Ya, gotta love human services! LOLOLOLOL:rotfl:

This is not mine

My brother is a Xray tech. He went to Nuclear Med school in Memphis and while in school he worked weekends as a tech. One night he got a call at 2 a.m. to do a barium enema on a 92 year old women who was DNR and on lots of MS. He feared she would code on him in Xray so he refused take her unless the resident who ordered the exam would come to xray with him. She was mad about it but finally came. He placed here at the foot of the bed behind a table that held his supplies. It hit here about the waist. He said as he went to insert the tip of the barium cath he felt resistance. He said as he turned to ask the resident if she did rectal exam he removed the tip. As he did the patient exploded all over the resident. He said that the poop covered her from table level all the way up and over her head. He said it even hit the wall behind her. Th only part of her upper body not covered was where her eyes where covered by glasses. He said she couldn't say anything due to the fact it was all over her mouth.

Specializes in medical with other stuff chucked in!.
This is not mine

My brother is a Xray tech. He went to Nuclear Med school in Memphis and while in school he worked weekends as a tech. One night he got a call at 2 a.m. to do a barium enema on a 92 year old women who was DNR and on lots of MS. He feared she would code on him in Xray so he refused take her unless the resident who ordered the exam would come to xray with him. She was mad about it but finally came. He placed here at the foot of the bed behind a table that held his supplies. It hit here about the waist. He said as he went to insert the tip of the barium cath he felt resistance. He said as he turned to ask the resident if she did rectal exam he removed the tip. As he did the patient exploded all over the resident. He said that the poop covered her from table level all the way up and over her head. He said it even hit the wall behind her. Th only part of her upper body not covered was where her eyes where covered by glasses. He said she couldn't say anything due to the fact it was all over her mouth.

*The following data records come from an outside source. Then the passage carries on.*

Lemma renv_of_team_code tau c i s0 l0 j m l :
  In c real -> X s0 -> size l0 = n -> size l = m -> codes_ok M X real tau k ->
  (renv_of_team M (team_code X ys b H) real c (rep_upd tau i n (RCode ys b)) (ext s0 l0) j m l <->
   rupd (renv_of_team M X real c tau s0) i n (fun l => H s0 l = vl s0 c) j m l).
Proof.
  move=> Hc Hs0 Hl0 Hl HF; have Hck := real_lt c Hc.
  rewrite /rupd /renv_of_team /rep_upd; case E: (_ && _); last first.
    rewrite -/(renv_of_team M (team_code X ys b H) real c tau (ext s0 l0) j m l).
    rewrite (renv_of_team_ext team_code_below) //; last exact: team_code_ext.
    rewrite -/(renv_of_team M X real c tau s0 j m l).
    by apply: renv_of_team_agree => v /real_lt; apply: ext_lt.
  move: E Hl => /andP [_ /Nat.eqb_spec ->] Hl.
  split=> [H0|H0 r /team_codeP [s1 [l1 [Hs1 Hl1 ->]]] /(ext_agree s1 l1 s0 l0) Ha].
  - have := H0 (ext s0 l) (team_code_ext s0 l Hs0 Hl)
      (proj2 (ext_agree s0 l s0 l0) (agree_on_refl _ _ _)) (ext_tuple s0 l Hl).
    by rewrite ext_code ext_lt.
  - rewrite (ext_tuple s1 l1 Hl1) => El; subst l1.
    by rewrite ext_code ext_lt // (H_agree _ _ _ Hs1 Hs0 Ha Hl1) H0 Ha.
Qed.

End CodeTeam.

(** * Correctness of the translation *)

Section Quantifiers.
Context {S : signature} (M : structure S).
Notation vl := (Defs.val M).

Lemma bsat_bex_dep V X real k (A : bid S) :
  (forall v, In v real -> v < k) ->
  bsat M V X (bex_dep real k A) <->
  exists F : asg M -> M, (forall r s, X r -> X s -> agree_on M real r s -> F r = F s) /\
    bsat M (k :: V) (team_extend M X (fun s a => a = F s) k) A.
Proof.
  move=> Hk; have Eteam (F : asg M -> M) :
      (fun s' => exists s, X s /\ s' = upd s k (F s)) = team_extend M X (fun s a => a = F s) k.
    by apply: eq_team => s'; split=> [[s [Hs ->]]|[s [a [Hs [-> ->]]]]]; [exists s, (F s)|exists s].
  rewrite /=; split=> [[F]|[F [HF HA]]].
  - rewrite Eteam => -[Hd HA]; exists F; split=> // r s Hr Hs Ha.
    move/(bdep_sat M (k :: V)): Hd => Hd.
    have := Hd (upd r k (F r)) (upd s k (F s)); rewrite !val_upd Nat.eqb_refl; apply.
    + by exists r.
    + by exists s.
    + by move=> v Hv; rewrite !val_upd_lt; auto.
  - exists F; rewrite Eteam; split=> //; apply/(bdep_sat M (k :: V)).
    move=> r r' [s [Hs ->]] [s' [Hs' ->]] Ha.
    rewrite !val_upd Nat.eqb_refl; apply: HF => // v Hv.
    by move: (Ha v Hv); rewrite !val_upd_lt; auto.
Qed.

Lemma eq_fun_agree X real (F : asg M -> M) :
  (forall r s, X r -> X s -> agree_on M real r s -> F r = F s) ->
  forall r s a, X r -> X s -> agree_on M real r s -> a = F s -> a = F r.
Proof. by move=> HF r s a Hr Hs Ha ->; symmetry; apply: HF. Qed.
Arguments eq_fun_agree {X real F}.

Definition tr_spec big c real sg tau k pol (phi : bid S) (p : so S) :=
  forall V X, tr_inv M big c real sg tau k X ->
    (bsat M V X phi <-> forall s, X s -> holds M pol sg tau X real c p s).

Lemma tr_inv_extend big c real sg sg' tau k X R :
  tr_inv M big c real sg tau k X -> (forall x, In (sg' x) (k :: real)) ->
  (forall r s a, X r -> X s -> agree_on M real r s -> R s a -> R r a) ->
  tr_inv M big c (k :: real) sg' tau k.+1 (team_extend M X R k).
Proof.
  move=> [Hc Hk Hs HF Hsm] Hs' HR; split=> //; first by right.
  - by move=> v [<-|/Hk]; lia.
  - apply: (codes_ok_mono _ (codes_ok_ext (team_extend_below Hk HR) _ Hk HF)); first lia.
    by move=> v Hv; right.
Qed.
Arguments tr_inv_extend {big c real sg sg' tau k X R}.
(* Since [s] agrees with [q] wherever it differs from [p], the set where it differs
   from [p] is stable under [q * p^-1 = p^-1 \o q], and it determines [s]. *)
Lemma card_balls_far_le_stable n r (p q : {perm 'I_n}) : 2 * r <= hdist p q ->
  #|hball r p :&: hball r q| <= #|stable_sets (q * p^-1)%g [set i | p i != q i] r|.
Proof.
move=> hD; set g := (q * p^-1)%g.
have pg i : p (g i) = q i by rewrite permM permKV.
rewrite -(@card_in_imset _ _ (fun s : {perm 'I_n} => [set i | p i != s i])); last first.
  move=> s1 s2 /(mem_balls_far hD) [_ _ e1] /(mem_balls_far hD) [_ _ e2] /setP e.
  apply/permP => i; have := e i; rewrite !inE.
  have [<-|n1] := eqVneq (p i) (s1 i); have [<-|n2] := eqVneq (p i) (s2 i) => //= _.
  by rewrite e1 ?n1 // e2 ?n2.
apply: subset_leq_card; apply/subsetP => _ /imsetP [s /(mem_balls_far hD) [_ ds es] ->].
rewrite inE -/(hdist p s) ds eqxx andbT; apply/andP; split.
  by apply/subsetP => i; rewrite !inE => hi; rewrite -(es i hi).
apply/forall_inP => i; rewrite !inE => hi; apply/negP => /eqP e.
have gi : g i = i by apply: (@perm_inj _ s); rewrite -e pg (es i hi).
by have := hi; rewrite (es i hi) -pg gi eqxx.
Qed.

Lemma card_balls_far_le n r t (p q : {perm 'I_n}) : 2 * r <= hdist p q ->
  (r = 2 * t \/ r = 2 * t + 1) -> 1 <= t -> #|hball r p :&: hball r q| <= nbound t r.
Proof.
move=> hD hr ht; set g := (q * p^-1)%g; set D := [set i | p i != q i].
have [-> | [s0 /(mem_balls_far hD) [dpq _ _]]] := set_0Vmem (hball r p :&: hball r q).
  by rewrite cards0.
have Dg i : (i \in D) = (g i != i).
  by rewrite inE permM (can2_eq (permKV p) (permK p)) eq_sym.
have sD : stable g D.
  apply/forall_inP => i; rewrite !Dg; apply: contra => /eqP gg.
  by apply/eqP/(@perm_inj _ g).
have fD x : x \in D -> g x != x by rewrite Dg.
have [s [s2 sums hs]] := stable_sets_nsubsum sD fD.
apply: leq_trans (card_balls_far_le_stable hD) (leq_trans (hs r) _).
by apply: nsubsum_half_le s2 _ hr ht; rewrite sums -dpq.
Qed.

(* Conversely, applying [g] exactly on a stable [r]-subset [A] of its support gives
   a permutation at distance [r] from both [1] and [g]. *)
Lemma stable_sets_le_card_balls n r (g : {perm 'I_n}) :
  #|[set i | g i != i]| = 2 * r ->
  #|stable_sets g [set i | g i != i] r| <= #|hball r 1 :&: hball r g|.
Proof.
move=> hD.
apply: leq_trans (leq_imset_card (fun s : {perm 'I_n} => [set i | s i != i]) _).
apply: subset_leq_card; apply/subsetP => A; rewrite inE => /andP [/andP [AD sA] /eqP kA].
have inj : injective (fun x => if x \in A then g x else x).
  apply: perm_in_inj; first by move=> x y _ _; apply: perm_inj.
  by apply/subsetP => _ /imsetP [x xA ->]; move/forall_inP: sA; apply.
set s := perm inj; have sE i : s i = if i \in A then g i else i by rewrite permE.
have eA : [set i | s i != i] = A.
  apply/setP => i; rewrite inE sE; case: ifP => hi; last by rewrite eqxx.
  by have := subsetP AD i hi; rewrite inE.
apply/imsetP; exists s; last by rewrite eA.
rewrite !inE /hdist; apply/andP; split.
  by rewrite -kA -eA subset_leq_card //; apply/subsetP => i; rewrite !inE perm1 eq_sym.
have -> : [set i | g i != s i] = [set i | g i != i] :\: A.
  by apply/setP => i; rewrite !inE sE; case: ifP => hi; rewrite ?eqxx.
by rewrite cardsD (setIidPr AD); lia.
Qed.
(* For every integer $n\geq 2$, the sequence $a_k=k^n/k!$, $k=1,2,\ldots$, is unimodal and has a unique maximizer, which is either $k=\lfloor e^{w(n)}\rfloor$ or $k=\lfloor e^{w(n)}\rfloor+1$.
   Context: $w(n)$ denotes Lambert's W function, i.e. the unique real $w>0$ with $n=we^{w}$. $\lfloor x\rfloor$ is the integer part of $x$. A sequence is unimodal if it is weakly increasing up to some index and weakly decreasing afterwards. *)

From Stdlib Require Import Reals Lra Lia ZArith.
Open Scope R_scope.

Definition is_lambertW (n w : R) : Prop := 0 < w /\ n = w * exp w.

Definition seq_a (n k : nat) : R := INR (k ^ n) / INR (fact k).

Definition unimodal_from1 (a : nat -> R) : Prop :=
  exists m : nat, (1 <= m)%nat /\
    (forall k : nat, (1 <= k)%nat -> (k < m)%nat -> a k <= a (S k)) /\
    (forall k : nat, (m <= k)%nat -> a (S k) <= a k).

Definition unique_maximizer_from1 (a : nat -> R) (k : nat) : Prop :=
  (1 <= k)%nat /\ forall j : nat, (1 <= j)%nat -> j <> k -> a j < a k.

(* Integer part (floor): Stdlib's Int_part x = up x - 1 = floor x. *)
Definition floorZ (x : R) : Z := Int_part x.

From Stdlib Require Import Reals ZArith Lra Lia.
Open Scope R_scope.

(* Since a_(k+1) / a_k = (k+1)^(n-1) / k^n, the sequence
   increases at step k exactly when k^n < (k+1)^(n-1).  Taking logarithms,
   with t = ln (k+1) - ln k, the question is whether n t exceeds ln (k+1).
   The elementary bounds 1/(k+1) <= t <= 1/k together with n = w e^w show:
   if k+1 <= e^w then n t >= n / e^w = w >= ln (k+1), so the sequence
   increases; if e^w <= k then n t <= w <= ln (k+1), so it decreases.
   Moreover ties never occur, since (k+1)^m = 1 (mod k) while k | k^(m+1). *)

Lemma ln_le (x y : R) : 0 < x -> x <= y -> ln x <= ln y.
Proof.
  intros Hx Hxy. destruct (Req_dec x y) as [->|Hne]; [lra|].
  left; apply ln_increasing; lra.
Qed.

Lemma ln_le_sub_one (x : R) : 0 < x -> ln x <= x - 1.
Proof. intros Hx. pose proof (exp_ineq1_le (ln x)) as H. rewrite exp_ln in H; lra. Qed.

(* The logarithmic increment t = ln (y+1) - ln y satisfies
   1/(y+1) <= t <= 1/y, stated without division. *)
Lemma ln_increment_bounds (y : R) : 0 < y ->
  let t := ln (y + 1) - ln y in 1 <= t * (y + 1) /\ t * y <= 1.
Proof.
  intros Hy t.
  assert (Hup : t = ln ((y + 1) / y)).
  { unfold t, Rdiv. rewrite ln_mult, ln_Rinv; try apply Rinv_0_lt_compat; lra. }
  assert (Hlow : - t = ln (y / (y + 1))).
  { unfold t, Rdiv. rewrite ln_mult, ln_Rinv; try apply Rinv_0_lt_compat; lra. }
  pose proof (ln_le_sub_one ((y + 1) / y) ltac:(apply Rdiv_lt_0_compat; lra)) as Hupper.
  pose proof (ln_le_sub_one (y / (y + 1)) ltac:(apply Rdiv_lt_0_compat; lra)) as Hlower.
  rewrite <- Hup in Hupper. rewrite <- Hlow in Hlower.
  replace ((y + 1) / y - 1) with (/ y) in Hupper by (field; lra).
  replace (y / (y + 1) - 1) with (- / (y + 1)) in Hlower by (field; lra).
  assert (Inv1 : / (y + 1) * (y + 1) = 1) by (field; lra).
  assert (Inv2 : / y * y = 1) by (field; lra).
  split; nra.
Qed.

Lemma lambert_log_below (w y : R) : 0 < w -> 0 < y -> y + 1 <= exp w ->
  w * exp w * ln y <= (w * exp w - 1) * ln (y + 1).
Proof.
  intros Hw Hy Hyx.
  destruct (ln_increment_bounds y Hy) as [Ht1 _].
  set (t := ln (y + 1) - ln y) in *.
  assert (Ht0 : 0 <= t) by nra.
  assert (Hxt : 1 <= exp w * t) by nra.
  assert (Hwt : w <= w * exp w * t) by nra.
  assert (Hlog : ln (y + 1) <= w) by (rewrite <- (ln_exp w); apply ln_le; lra).
  unfold t in Hwt. nra.
Qed.

Lemma lambert_log_above (w y : R) : 0 < w -> exp w <= y ->
  (w * exp w - 1) * ln (y + 1) <= w * exp w * ln y.
Proof.
  intros Hw Hxy.
  pose proof (exp_pos w) as Hx.
  assert (Hy : 0 < y) by lra.
  destruct (ln_increment_bounds y Hy) as [Ht1 Ht2].
  set (t := ln (y + 1) - ln y) in *.
  assert (Ht0 : 0 <= t) by nra.
  assert (Hxt : exp w * t <= 1) by nra.
  assert (Hwt : w * exp w * t <= w) by nra.
  assert (Hlog : w <= ln (y + 1)) by (rewrite <- (ln_exp w); apply ln_le; lra).
  unfold t in Hwt. nra.
Qed.

Lemma pow_le_of_ln_le (a b : R) (p q : nat) : 0 < a -> 0 < b ->
  INR p * ln a <= INR q * ln b -> a ^ p <= b ^ q.
Proof.
  intros Ha Hb H. destruct (Rle_lt_dec (a ^ p) (b ^ q)) as [|Hlt]; [assumption|].
  apply ln_increasing in Hlt; [|apply pow_lt; lra].
  rewrite !ln_pow in Hlt by lra. lra.
Qed.

Lemma pow_le_succ_pow_below (n k : nat) (w : R) : (1 <= n)%nat -> (1 <= k)%nat ->
  0 < w -> INR n = w * exp w -> INR k + 1 <= exp w -> (k ^ n <= S k ^ (n - 1))%nat.
Proof.
  intros Hn Hk Hw Hnw Hkx. apply INR_le. rewrite !pow_INR, S_INR.
  assert (Hk0 : 0 < INR k) by (apply lt_0_INR; lia).
  apply pow_le_of_ln_le; try lra.
  rewrite minus_INR, Hnw by lia. simpl INR.
  apply lambert_log_below; lra.
Qed.

Lemma succ_pow_le_pow_above (n k : nat) (w : R) : (1 <= n)%nat ->
  0 < w -> INR n = w * exp w -> exp w <= INR k -> (S k ^ (n - 1) <= k ^ n)%nat.
Proof.
  intros Hn Hw Hnw Hkx. apply INR_le. rewrite !pow_INR, S_INR.
  assert (Hk0 : 0 < INR k) by (pose proof (exp_pos w); lra).
  apply pow_le_of_ln_le; try lra.
  rewrite minus_INR, Hnw by lia. simpl INR.
  apply lambert_log_above; lra.
Qed.

Lemma succ_pow_mod (k m : nat) : exists q, (S k ^ m = k * q + 1)%nat.
Proof.
  induction m as [|m [q Hq]]; [exists 0%nat; simpl; lia|].
  exists (q * S k + 1)%nat. rewrite Nat.pow_succ_r', Hq. nia.
Qed.

Lemma succ_pow_neq_pow (k m : nat) : (1 <= k)%nat -> (1 <= m)%nat ->
  (S k ^ m <> k ^ S m)%nat.
Proof.
  intros Hk Hm E. destruct (succ_pow_mod k m) as [q Hq].
  rewrite Hq, Nat.pow_succ_r' in E.
  destruct (Nat.eq_dec k 1) as [->|Hk1].
  - rewrite Nat.pow_1_l in E. simpl in Hq.
    assert (2 ^ 1 <= 2 ^ m)%nat by (apply Nat.pow_le_mono_r; lia). simpl in *. lia.
  - destruct (le_lt_dec (k ^ m) q); nia.
Qed.

(* a_(k+1) = (k+1)^(n-1) / k!, so a_k and a_(k+1) share the denominator k!. *)
Lemma seq_a_succ (n k : nat) : (1 <= n)%nat ->
  seq_a n (S k) = INR (S k ^ (n - 1)) / INR (fact k).
Proof.
  intros Hn. unfold seq_a. destruct n as [|m]; [lia|].
  replace (S m - 1)%nat with m by lia.
  rewrite Nat.pow_succ_r'. change (fact (S k)) with (S k * fact k)%nat.
  rewrite !mult_INR. field. split; [apply INR_fact_neq_0 | apply not_0_INR; lia].
Qed.

Lemma seq_a_lt_succ (n k : nat) : (1 <= n)%nat -> (k ^ n < S k ^ (n - 1))%nat ->
  seq_a n k < seq_a n (S k).
Proof.
  intros Hn H. rewrite seq_a_succ by assumption. unfold seq_a, Rdiv.
  apply Rmult_lt_compat_r; [apply Rinv_0_lt_compat, INR_fact_lt_0 | apply lt_INR; lia].
Qed.

Lemma seq_a_succ_lt (n k : nat) : (1 <= n)%nat -> (S k ^ (n - 1) < k ^ n)%nat ->
  seq_a n (S k) < seq_a n k.
Proof.
  intros Hn H. rewrite seq_a_succ by assumption. unfold seq_a, Rdiv.
  apply Rmult_lt_compat_r; [apply Rinv_0_lt_compat, INR_fact_lt_0 | apply lt_INR; lia].
Qed.

Section Monotonicity.
Variables (n : nat) (w : R).
Hypothesis (Hn : (2 <= n)%nat) (Hw : 0 < w) (Hnw : INR n = w * exp w).

Lemma seq_a_step_strict (k : nat) : (1 <= k)%nat ->
  seq_a n k < seq_a n (S k) \/ seq_a n (S k) < seq_a n k.
Proof.
  intros Hk. pose proof (succ_pow_neq_pow k (n - 1) Hk ltac:(lia)) as Hne.
  replace (S (n - 1)) with n in Hne by lia.
  destruct (le_lt_dec (S k ^ (n - 1)) (k ^ n)).
  - right; apply seq_a_succ_lt; lia.
  - left; apply seq_a_lt_succ; lia.
Qed.

Lemma seq_a_increasing_below (k : nat) : (1 <= k)%nat -> INR k + 1 <= exp w ->
  seq_a n k < seq_a n (S k).
Proof.
  intros Hk Hkx. pose proof (pow_le_succ_pow_below n k w ltac:(lia) Hk Hw Hnw Hkx).
  pose proof (succ_pow_neq_pow k (n - 1) Hk ltac:(lia)) as Hne.
  replace (S (n - 1)) with n in Hne by lia.
  apply seq_a_lt_succ; lia.
Qed.

Lemma seq_a_decreasing_above (k : nat) : (1 <= k)%nat -> exp w <= INR k ->
  seq_a n (S k) < seq_a n k.
Proof.
  intros Hk Hkx. pose proof (succ_pow_le_pow_above n k w ltac:(lia) Hw Hnw Hkx).
  pose proof (succ_pow_neq_pow k (n - 1) Hk ltac:(lia)) as Hne.
  replace (S (n - 1)) with n in Hne by lia.
  apply seq_a_succ_lt; lia.
Qed.

End Monotonicity.

Lemma increasing_run (a : nat -> R) (lo hi : nat) :
  (forall k, (lo <= k)%nat -> (k < hi)%nat -> a k < a (S k)) ->
  (lo < hi)%nat -> a lo < a hi.
Proof.
  intros Hinc. induction hi as [|hi IH]; intros Hlt; [lia|].
  destruct (Nat.eq_dec lo hi) as [->|Hne]; [apply Hinc; lia|].
  apply Rlt_trans with (a hi); [apply IH; [intros; apply Hinc|]; lia | apply Hinc; lia].
Qed.

Lemma decreasing_run (a : nat -> R) (lo hi : nat) :
  (forall k, (lo <= k)%nat -> (k < hi)%nat -> a (S k) < a k) ->
  (lo < hi)%nat -> a hi < a lo.
Proof.
  intros Hdec Hlt.
  enough (- a lo < - a hi) by lra.
  apply (increasing_run (fun k => - a k)); [intros k H1 H2; specialize (Hdec k H1 H2); lra | assumption].
Qed.

Lemma strict_peak_unimodal (a : nat -> R) (M : nat) : (1 <= M)%nat ->
  (forall k, (1 <= k)%nat -> (k < M)%nat -> a k < a (S k)) ->
  (forall k, (M <= k)%nat -> a (S k) < a k) ->
  unimodal_from1 a /\ unique_maximizer_from1 a M.
Proof.
  intros HM Hinc Hdec. split.
  - exists M. split; [assumption|]. split; intros; left; auto.
  - split; [assumption|]. intros j Hj Hne.
    destruct (le_lt_dec M j).
    + apply decreasing_run; [intros; apply Hdec|]; lia.
    + apply increasing_run; [intros; apply Hinc|]; lia.
Qed.

Theorem proposition2 (n : nat) (hn : (2 <= n)%nat) (w : R) (hw : is_lambertW (INR n) w) :
  unimodal_from1 (seq_a n) /\
  exists k : nat, unique_maximizer_from1 (seq_a n) k /\
    (Z.of_nat k = floorZ (exp w) \/ Z.of_nat k = (floorZ (exp w) + 1)%Z).
Proof.
  destruct hw as [Hw Hnw].
  (* K = floor (e^w) is at least 1 because e^w > 1 + w > 1. *)
  pose proof (exp_ineq1 w ltac:(lra)) as Hx1.
  destruct (base_Int_part (exp w)) as [Hfloor_le Hfloor_gt].
  assert (Hfloor_pos : (1 <= floorZ (exp w))%Z).
  { assert (H0 : 0 < IZR (Int_part (exp w))) by lra. apply lt_IZR in H0.
    unfold floorZ. lia. }
  set (K := Z.to_nat (floorZ (exp w))).
  assert (HKZ : Z.of_nat K = floorZ (exp w)) by (unfold K; lia).
  assert (HK1 : (1 <= K)%nat) by lia.
  assert (HKR : INR K = IZR (Int_part (exp w))) by (rewrite INR_IZR_INZ, HKZ; reflexivity).
  assert (Hinc : forall k, (1 <= k)%nat -> (k < K)%nat -> seq_a n k < seq_a n (S k)).
  { intros k Hk HkK. apply seq_a_increasing_below with w; try assumption.
    apply le_INR in HkK. rewrite S_INR in HkK. lra. }
  assert (Hdec : forall k, (S K <= k)%nat -> seq_a n (S k) < seq_a n k).
  { intros k Hk. apply seq_a_decreasing_above with w; try assumption; [lia|].
    apply le_INR in Hk. rewrite S_INR in Hk. lra. }
  destruct (seq_a_step_strict n hn K HK1) as [Hup|Hdown].
  - destruct (strict_peak_unimodal (seq_a n) (S K) ltac:(lia)) as [Huni Hmax]; try assumption.
    { intros k Hk1 Hk2. destruct (Nat.eq_dec k K) as [->|]; [assumption | apply Hinc; lia]. }
    split; [assumption|]. exists (S K). split; [assumption | right; lia].
  - destruct (strict_peak_unimodal (seq_a n) K HK1 Hinc) as [Huni Hmax].
    { intros k Hk. destruct (Nat.eq_dec k K) as [->|]; [assumption | apply Hdec; lia]. }
    split; [assumption|]. exists K. split; [assumption | left; assumption].
Qed.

Ha ha, that's really horrible :rotfl: .

Emma

Specializes in LTC, CPR instructor, First aid instructor..
Ha ha, that's really horrible :rotfl: .

Emma

I can see it all now.
I once worked with a fellow EMT whose house was like this. There was NO excuse for that with that person. I also have been in several houses like this, but at least they were patients. But the Gorilla was the one that got me laughing.:rotfl:

When I was doing home health a few years ago I went into a house where everything was made of welded together hub caps. When I say everything, I mean everything except the TV. Even the tiolet seat. It was like something out of the ravings of the recesses of a lunatic's mind. Who would want this? Why would someone want this? Very creative in a cluttered, metallic, sharp edged sort of way.

:uhoh21: :chuckle :uhoh3:

You know, after reading this thread and almost crying with laughter and horror, my greatest surprise is the frequency with which morbidly obese women use their fat pads and breasts as ersatz purses. Milk cartons, sandwiches, kittens, spare change, car keys, you name it. The ultimate in utilitarian thinking, I guess.

This is the very reason we are nurses. We are a unique bunch in that we become fixated on, talk about, and laugh at all the sick, yucky stuff, and we have such a sick sense of humor. I just looooove it. Gotta love a nurse. Lots of people would gag, pass out, or be revolted at the stuff we deal with on a daily basis.

TOO TRUE. After reading these stories and hearing some from nursing friends, you really see how tough nurses have to be.